債権者に弁済した後でなければ受遺者に弁済することはできないので(Q8参照)、上記の場合は受遺者がいても1円も受け取ることはできません。

なお、たとえ弁済期が未到来の債権であっても弁済する必要があります。期限前に弁済するからといって割り引かれることはありません。

条件付きの債権や存続期間の不確定な債権についても弁済する必要があります。これらの債権の額をいくらと考えるかは、家庭裁判所が選任した鑑定人の評価に従うこととされています。この鑑定費用は「相続財産に関する費用」として遺産から優先的に支出することができます。(先買権行使のために行う鑑定とは異なります。Q7参照。)

Q10.公告・催告期間が過ぎた後に現れた債権者には弁済しなくてもよいのですか?

A10.公告・催告期間内に申し出た債権者・受遺者に弁済してもまだ遺産が残っている場合は、期間後に申し出たりして判明した債権者・受遺者にも弁済しなければなりません。

困ったことに、いつまで支払い義務があるのか法律に規定されておらず判例もありません

限定承認手続きが終了すればその後に現れた債権者には弁済しなくてもいいのか、それとも債権が時効で消滅していない限りは弁済しなければならないのか、ハッキリしないということです。

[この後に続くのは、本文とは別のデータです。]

Lemma Tseq_cswap (A B : X) (f : preDseq A B) :
  seq_eq (seq_precomp (cswap A) (Dseq (Dseq f))) (Dseq (Dseq f)) ->
  seq_eq (seq_precomp (cswap A) (Tseq (Tseq f)))
         (seq_postcomp (Tseq (Tseq f)) (cswap B)).
Proof.
  unfold seq_eq, seq_precomp, seq_postcomp, Tseq, Dseq; simpl.
  intros f_cswap n.
  assert (cswap_p0_p0 :
            cswap A ;; p0 (P A) (P A) ;; p0 A A = p0 (P A) (P A) ;; p0 A A)
    by (unfold cswap, P; pair_simpl; reflexivity).
  assert (cswap_p0 : cswap A ;; p0 (P A) (P A) = Pm (p0 A A))
    by (unfold cswap, Pm, pmap, P; pair_simpl; reflexivity).
  assert (cswap_Pm_p0 : cswap A ;; Pm (p0 A A) = p0 (P A) (P A))
    by (unfold cswap, Pm, pmap, P; pair_simpl; symmetry; apply pair_uniq).
  unfold P in *.
  rewrite !comp_pair, !Pnm_compA, cswap_p0_p0, cswap_p0, cswap_Pm_p0, f_cswap.
  unfold cswap, P; pair_simpl; reflexivity.
Qed.

End CartesianLeftAdditive.

Theorem proposition4p4 (X : CLACat) (A B : X) (f : preDseq A B) :
  is_Dseq f ->
  is_Dseq (Dseq f) /\
  is_Dseq (Tseq f) /\
  seq_eq (seq_precomp (e10 A) (Tseq f)) (seq_postcomp f (e10 B)) /\
  seq_eq (seq_precomp (idxpi0 A) (Tseq f)) (seq_postcomp (T2seq f) (idxpi0 B)) /\
  seq_eq (seq_precomp (idxpi1 A) (Tseq f)) (seq_postcomp (T2seq f) (idxpi1 B)) /\
  seq_eq (seq_precomp (idxsum A) (Tseq f)) (seq_postcomp (T2seq f) (idxsum B)) /\
  seq_eq (seq_precomp (ell A) (Tseq (Tseq f))) (seq_postcomp (Tseq f) (ell B)) /\
  seq_eq (seq_precomp (cswap A) (Tseq (Tseq f))) (seq_postcomp (Tseq (Tseq f)) (cswap B)).
Proof.
  intros f_Dseq.
  destruct (proj1 (is_DseqP f) f_Dseq 0) as [f_e10 [f_sum [f_ell f_cswap]]].
  split; [exact (Dseq_is_Dseq f_Dseq)|].
  split; [exact (Tseq_is_Dseq f_Dseq)|].
  split; [exact (Tseq_e10 f_e10)|].
  split; [exact (Tseq_idxpi0 f)|].
  split; [exact (Tseq_idxpi1 f)|].
  split; [exact (Tseq_idxsum f_sum)|].
  split; [exact (Tseq_ell f_e10 f_ell)|].
  exact (Tseq_cswap f_cswap).
Qed.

結局、限定承認手続き後に遺産が残っていても、将来現れるかもしれない債権者のために手を付けずにそのままにしておくほうが無難ということになります。これだと相続放棄したほうがよい気もしますね…。

債権の消滅時効

債権は、次の場合に時効によって消滅します(民法166条1項)。

  • 債権者が権利を行使することができることを知った時から5年間行使しないとき
  • 権利を行使することができる時から10年間行使しないとき

ただし、死後10年経てば安心というわけではありません。例えば死の直前に30年ローンの連帯保証人になっていたとして、20年後に主債務者が支払不能に陥ったならば、その時が債権者にとって連帯保証人に対し「権利を行使することができる時」です。その時から5年ないし10年経つまでは消滅しないということです。

Q11.みなし譲渡所得税とは何ですか?

A11.限定承認をした場合、現金や預貯金以外の資産については、相続開始時の時価で譲渡されたものとみなして所得税が課税されます。

実際に譲渡するかどうかは関係ありません。例えば、預貯金だけで全ての債権者・受遺者に弁済できたため、不動産を売却する必要がなかったとしても、みなし譲渡所得課税は行われます。

相続開始を知った日の翌日から4か月以内に準確定申告を行う必要があり、みなし譲渡所得についてもその中で申告します。

なお、譲渡所得課税も故人の債務であるため、限定承認手続きにおいて他の債務と同様に扱われます。つまり、遺産で払いきれない分があったとしても、相続人が自分の財産から支払う必要まではないということです。

Q12.限定承認の手続きを専門家に依頼することはできますか?

A12.弁護士や司法書士に依頼することもできます。

ただし、その費用(報酬)は遺産から支出することはできず、限定承認者が自分の財産から支払わなければなりません。